Electronic Design
Simple Circuit Reduces Relay Coil Power

Simple Circuit Reduces Relay Coil Power

Fellow engineer Sanjay R. Chendvankar of Mumbai, India, recently offered a novel way of reducing current through a relay coil (see “Driver Saves Power In Energized Relay”). His idea utilized an unused normally closed pair of contacts of that relay to reduce the driving voltage to the relay once it was energized. The design works very well, but what do you do when an unused pair of contacts is not available?

It is well known that an energized relay coil will maintain contact closure even after the driving voltage is reduced somewhat. For many years, we have been employing a very simple approach to reduce the relay’s driving voltage without relying on unused contacts or sophisticated circuitry. All we do is add two common parts: a resistor and capacitor in parallel.

The resistor/capacitor pair interrupts the usual emitter lead to ground connection of the relay driver transistor (see the figure). When the drive transistor is off, R2 ensures that the capacitor is discharged. When the relay command turns on the drive transistor, that uncharged electrolytic capacitor temporarily appears as a dead short, causing maximum current to flow through the relay coil and closing the relay contacts without chatter.

As the capacitor charges, however, both the voltage across and the current through the relay coil decline. The circuit reaches steady state when the capacitor has charged to the point that all the current through the relay coil is moving through R2. The contacts will still remain closed until the drive voltage is removed.

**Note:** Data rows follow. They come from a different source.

(* Consider the system (S) below with all parameters $b_1,b_2,b_3,a_{11},a_{12},a_{13},a_{21},a_{23},a_{31},a_{32}>0$ and $c>0$, and assume $a_{31}b_1>a_{11}b_3$. Then $$E_2=\Big(x_2,0,z_2\Big),\qquad x_2=\frac{b_3}{a_{31}},\quad z_2=\frac{b_1-a_{11}x_2}{a_{13}}>0,$$ is an equilibrium of (S), and if $a_{31}b_2>a_{21}b_3$ then $E_2$ is locally asymptotically stable (all eigenvalues of the Jacobian matrix of (S) at $E_2$ have negative real parts).
   Context: Let $x,y,z\ge 0$ denote prey, intermediate predator and top predator densities. The system (S), an intraguild predation Lotka–Volterra model with top-predator feeding switching of intensity $c$, is $$\dot x=(b_1-a_{11}x)x-a_{12}xy-\frac{a_{13}x^2z}{x+cy},\qquad \dot y=-b_2y+a_{21}xy-\frac{a_{23}y^2z}{y+cx},\qquad \dot z=-b_3z+\frac{a_{31}x^2z}{x+cy}+\frac{a_{32}y^2z}{y+cx},$$ defined on the closed nonnegative orthant minus the origin (where $x+cy>0$ and $y+cx>0$), the right-hand side being smooth in a neighbourhood of every equilibrium with $x>0$. (The fractions are the switching terms $\frac{a_{13}xz}{1+cy/x}$ etc. written with cleared denominators.) *)

From Stdlib Require Import Reals Lra.
Open Scope R_scope.

Record params := Params {
  b1 : R; b2 : R; b3 : R;
  a11 : R; a12 : R; a13 : R;
  a21 : R; a23 : R;
  a31 : R; a32 : R;
  sw : R (* switching intensity c *) }.

Definition fx (p : params) (x y z : R) : R :=
  (b1 p - a11 p * x) * x - a12 p * x * y - a13 p * x ^ 2 * z / (x + sw p * y).
Definition fy (p : params) (x y z : R) : R :=
  - b2 p * y + a21 p * x * y - a23 p * y ^ 2 * z / (y + sw p * x).
Definition fz (p : params) (x y z : R) : R :=
  - b3 p * z + a31 p * x ^ 2 * z / (x + sw p * y) + a32 p * y ^ 2 * z / (y + sw p * x).

Definition field (p : params) (i : nat) : R -> R -> R -> R :=
  match i with 0%nat => fx p | 1%nat => fy p | _ => fz p end.

Definition upd (x y z : R) (j : nat) (t : R) : R * R * R :=
  match j with
  | 0%nat => (t, y, z) | 1%nat => (x, t, z) | _ => (x, y, t) end.

Definition coord (x y z : R) (j : nat) : R :=
  match j with 0%nat => x | 1%nat => y | _ => z end.

Definition partial_fun (p : params) (i j : nat) (x y z : R) : R -> R :=
  fun t => let '(u, v, w) := upd x y z j t in field p i u v w.

Definition is_jacobian (p : params) (x y z : R) (J : nat -> nat -> R) : Prop :=
  forall i j : nat, (i < 3)%nat -> (j < 3)%nat ->
    derivable_pt_lim (partial_fun p i j x y z) (coord x y z j) (J i j).

Definition is_equilibrium (p : params) (x y z : R) : Prop :=
  fx p x y z = 0 /\ fy p x y z = 0 /\ fz p x y z = 0.

(* Minimal complex arithmetic on pairs (re, im). *)
Definition Cx := (R * R)%type.
Definition Cadd (u v : Cx) : Cx := (fst u + fst v, snd u + snd v).
Definition Csub (u v : Cx) : Cx := (fst u - fst v, snd u - snd v).
Definition Cmul (u v : Cx) : Cx :=
  (fst u * fst v - snd u * snd v, fst u * snd v + snd u * fst v).
Definition Cof (r : R) : Cx := (r, 0).

Definition det3C (M : nat -> nat -> Cx) : Cx :=
  Csub
   (Cadd (Cadd (Cmul (M 0%nat 0%nat) (Cmul (M 1%nat 1%nat) (M 2%nat 2%nat)))
               (Cmul (M 0%nat 1%nat) (Cmul (M 1%nat 2%nat) (M 2%nat 0%nat))))
         (Cmul (M 0%nat 2%nat) (Cmul (M 1%nat 0%nat) (M 2%nat 1%nat))))
   (Cadd (Cadd (Cmul (M 0%nat 2%nat) (Cmul (M 1%nat 1%nat) (M 2%nat 0%nat)))
               (Cmul (M 0%nat 1%nat) (Cmul (M 1%nat 0%nat) (M 2%nat 2%nat))))
         (Cmul (M 0%nat 0%nat) (Cmul (M 1%nat 2%nat) (M 2%nat 1%nat)))).

Definition is_eigenvalue (J : nat -> nat -> R) (lam : Cx) : Prop :=
  det3C (fun i j => Csub (if Nat.eqb i j then lam else Cof 0) (Cof (J i j)))
  = Cof 0.

From Stdlib Require Import Reals Lra Psatz.
From Coquelicot Require Import Coquelicot.
Open Scope R_scope.

(* At E2 the y-row of the Jacobian is (0, a21 x2 - b2, 0), so the characteristic
   polynomial splits as (lam - (a21 x2 - b2)) (lam^2 + a11 x2 lam + a13 a31 x2 z2).
   The linear factor has a negative root because a31 b2 > a21 b3, and the
   quadratic one has positive coefficients, hence roots with negative real part. *)

Lemma Cmul_eq0 (u v : Cx) : Cmul u v = Cof 0 -> u = Cof 0 \/ v = Cof 0.
Proof.
  destruct u as [a b], v as [c d]; unfold Cmul, Cof; simpl.
  intros E; injection E as Ere Eim.
  assert (Hn : (a ^ 2 + b ^ 2) * (c ^ 2 + d ^ 2) = 0) by nra.
  destruct (Rmult_integral _ _ Hn) as [Hu | Hv].
  - left; f_equal; nra.
  - right; f_equal; nra.
Qed.

Lemma quadratic_root_re_neg (s P : R) (lam : Cx) : 0 < s -> 0 < P ->
  Cadd (Cmul lam lam) (Cadd (Cmul (Cof s) lam) (Cof P)) = Cof 0 -> fst lam < 0.
Proof.
  destruct lam as [a b]; unfold Cadd, Cmul, Cof; simpl.
  intros Hs HP E; injection E as Ere Eim.
  (* Either lam is real, and a^2 + s a + P > 0 rules out a >= 0, or a = -s/2. *)
  assert (Hb : b * (2 * a + s) = 0) by lra.
  destruct (Rmult_integral _ _ Hb) as [-> | Ha]; nra.
Qed.

Lemma eigenvalue_middle_row_diag (J : nat -> nat -> R) (lam : Cx) :
  J 1%nat 0%nat = 0 -> J 1%nat 2%nat = 0 -> is_eigenvalue J lam ->
  Cmul (Csub lam (Cof (J 1%nat 1%nat)))
    (Cadd (Cmul lam lam)
      (Cadd (Cmul (Cof (- (J 0%nat 0%nat + J 2%nat 2%nat))) lam)
        (Cof (J 0%nat 0%nat * J 2%nat 2%nat - J 0%nat 2%nat * J 2%nat 0%nat))))
  = Cof 0.
Proof.
  intros H10 H12; destruct lam as [a b].
  unfold is_eigenvalue, det3C, Csub, Cadd, Cmul, Cof; simpl.
  rewrite H10, H12; intros E; injection E as Ere Eim.
  f_equal; [etransitivity; [| exact Ere] | etransitivity; [| exact Eim]]; ring.
Qed.

Lemma eigenvalue_re_neg_middle_row_diag (J : nat -> nat -> R) (lam : Cx) :
  J 1%nat 0%nat = 0 -> J 1%nat 2%nat = 0 -> J 1%nat 1%nat < 0 ->
  J 0%nat 0%nat + J 2%nat 2%nat < 0 ->
  0 < J 0%nat 0%nat * J 2%nat 2%nat - J 0%nat 2%nat * J 2%nat 0%nat ->
  is_eigenvalue J lam -> fst lam < 0.
Proof.
  intros H10 H12 Hd Htr Hdet Hev.
  destruct (Cmul_eq0 _ _ (eigenvalue_middle_row_diag J lam H10 H12 Hev))
    as [Hlin | Hquad].
  - destruct lam as [a b]; unfold Csub, Cof in Hlin; simpl in Hlin |- *.
    injection Hlin as Hre _; lra.
  - refine (quadratic_root_re_neg _ _ _ _ Hdet Hquad); lra.
Qed.

Lemma jacobian_unique (p : params) (x y z : R) (J J' : nat -> nat -> R) :
  is_jacobian p x y z J -> is_jacobian p x y z J' ->
  forall i j, (i < 3)%nat -> (j < 3)%nat -> J i j = J' i j.
Proof.
  intros HJ HJ' i j Hi Hj.
  exact (uniqueness_limite _ _ _ _ (HJ i j Hi Hj) (HJ' i j Hi Hj)).
Qed.

Definition jacobian_y0 (p : params) (x z : R) (i j : nat) : R :=
  match i, j with
  | 0%nat, 0%nat => b1 p - 2 * a11 p * x - a13 p * z
  | 0%nat, 1%nat => - a12 p * x + a13 p * sw p * z
  | 0%nat, _ => - a13 p * x
  | 1%nat, 0%nat => 0
  | 1%nat, 1%nat => - b2 p + a21 p * x
  | 1%nat, _ => 0
  | _, 0%nat => a31 p * z
  | _, 1%nat => - a31 p * sw p * z
  | _, _ => - b3 p + a31 p * x
  end.

Lemma is_jacobian_y0 (p : params) (x z : R) : 0 < x -> 0 < sw p ->
  is_jacobian p x 0 z (jacobian_y0 p x z).
Proof.
  intros Hx Hc i j Hi Hj.
  destruct i as [|[|[|i]]]; try lia; destruct j as [|[|[|j]]]; try lia;
  apply is_derive_Reals; unfold partial_fun; simpl; unfold fx, fy, fz;
  auto_derive; repeat split; try (intro; nra); field; nra.
Qed.

Lemma is_equilibrium_y0 (p : params) (x z : R) : 0 < x ->
  a31 p * x = b3 p -> a13 p * z = b1 p - a11 p * x -> is_equilibrium p x 0 z.
Proof.
  intros Hx Hxe Hze; unfold is_equilibrium, fx, fy, fz.
  replace (x + sw p * 0) with x by ring; repeat split.
  - replace (a13 p * x ^ 2 * z / x) with (x * (a13 p * z)) by (field; lra).
    rewrite Hze; ring.
  - unfold Rdiv; ring.
  - replace (a31 p * x ^ 2 * z / x) with (z * (a31 p * x)) by (field; lra).
    rewrite Hxe; unfold Rdiv; ring.
Qed.

Theorem mainTheorem2 (p : params) :
  0 < b1 p -> 0 < b2 p -> 0 < b3 p -> 0 < a11 p -> 0 < a12 p -> 0 < a13 p ->
  0 < a21 p -> 0 < a23 p -> 0 < a31 p -> 0 < a32 p -> 0 < sw p ->
  a31 p * b1 p > a11 p * b3 p ->
  let x2 := b3 p / a31 p in
  let z2 := (b1 p - a11 p * x2) / a13 p in
  0 < z2 /\ is_equilibrium p x2 0 z2 /\
  (a31 p * b2 p > a21 p * b3 p ->
     (exists J, is_jacobian p x2 0 z2 J) /\
     forall J, is_jacobian p x2 0 z2 J ->
       forall lam, is_eigenvalue J lam -> fst lam < 0).
Proof.
  intros Hb1 Hb2 Hb3 Ha11 _ Ha13 Ha21 _ Ha31 _ Hc Hb1b3 x2 z2.
  assert (Hx : 0 < x2) by (apply Rdiv_lt_0_compat; lra).
  assert (Hxe : a31 p * x2 = b3 p) by (unfold x2; field; lra).
  assert (Hze : a13 p * z2 = b1 p - a11 p * x2) by (unfold z2; field; lra).
  assert (Hz : 0 < z2).
  { assert (a31 p * (b1 p - a11 p * x2) = a31 p * b1 p - a11 p * b3 p)
      by (rewrite <- Hxe; ring).
    apply Rdiv_lt_0_compat; nra. }
  split; [exact Hz |]; split; [exact (is_equilibrium_y0 p x2 z2 Hx Hxe Hze) |].
  intros Hb2b3.
  pose proof (is_jacobian_y0 p x2 z2 Hx Hc) as HJ0.
  split; [exists (jacobian_y0 p x2 z2); exact HJ0 |].
  intros J HJ lam.
  assert (Hd : - b2 p + a21 p * x2 < 0).
  { assert (a31 p * (- b2 p + a21 p * x2) = a21 p * b3 p - a31 p * b2 p)
      by (rewrite <- Hxe; ring).
    nra. }
  assert (Htr : 0 < a11 p * x2) by (apply Rmult_lt_0_compat; assumption).
  assert (Hdet : 0 < a13 p * x2 * (a31 p * z2)).
  { apply Rmult_lt_0_compat; apply Rmult_lt_0_compat; assumption. }
  apply eigenvalue_re_neg_middle_row_diag;
    rewrite ?(jacobian_unique _ _ _ _ _ _ HJ HJ0) by lia; simpl; try reflexivity.
  - exact Hd.
  - lra.
  - replace (- b3 p + a31 p * x2) with 0 by lra. lra.
Qed.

In this example the resistor value is roughly twice that of the relay coil resistance: a 390-Ω resistor for a 200-Ω relay coil. The capacitor was chosen to be 150 µF at 25 V, creating a combination that works well for a supply of 12 V to the coil. If the drive transistor’s emitter is simply connected to ground, the relay circuit draws around 58 mA. With the resistor/capacitor addition the steady state current is only 20 mA, a nice savings in power. The additional two parts cost only a few cents, and no extra relay contacts are needed.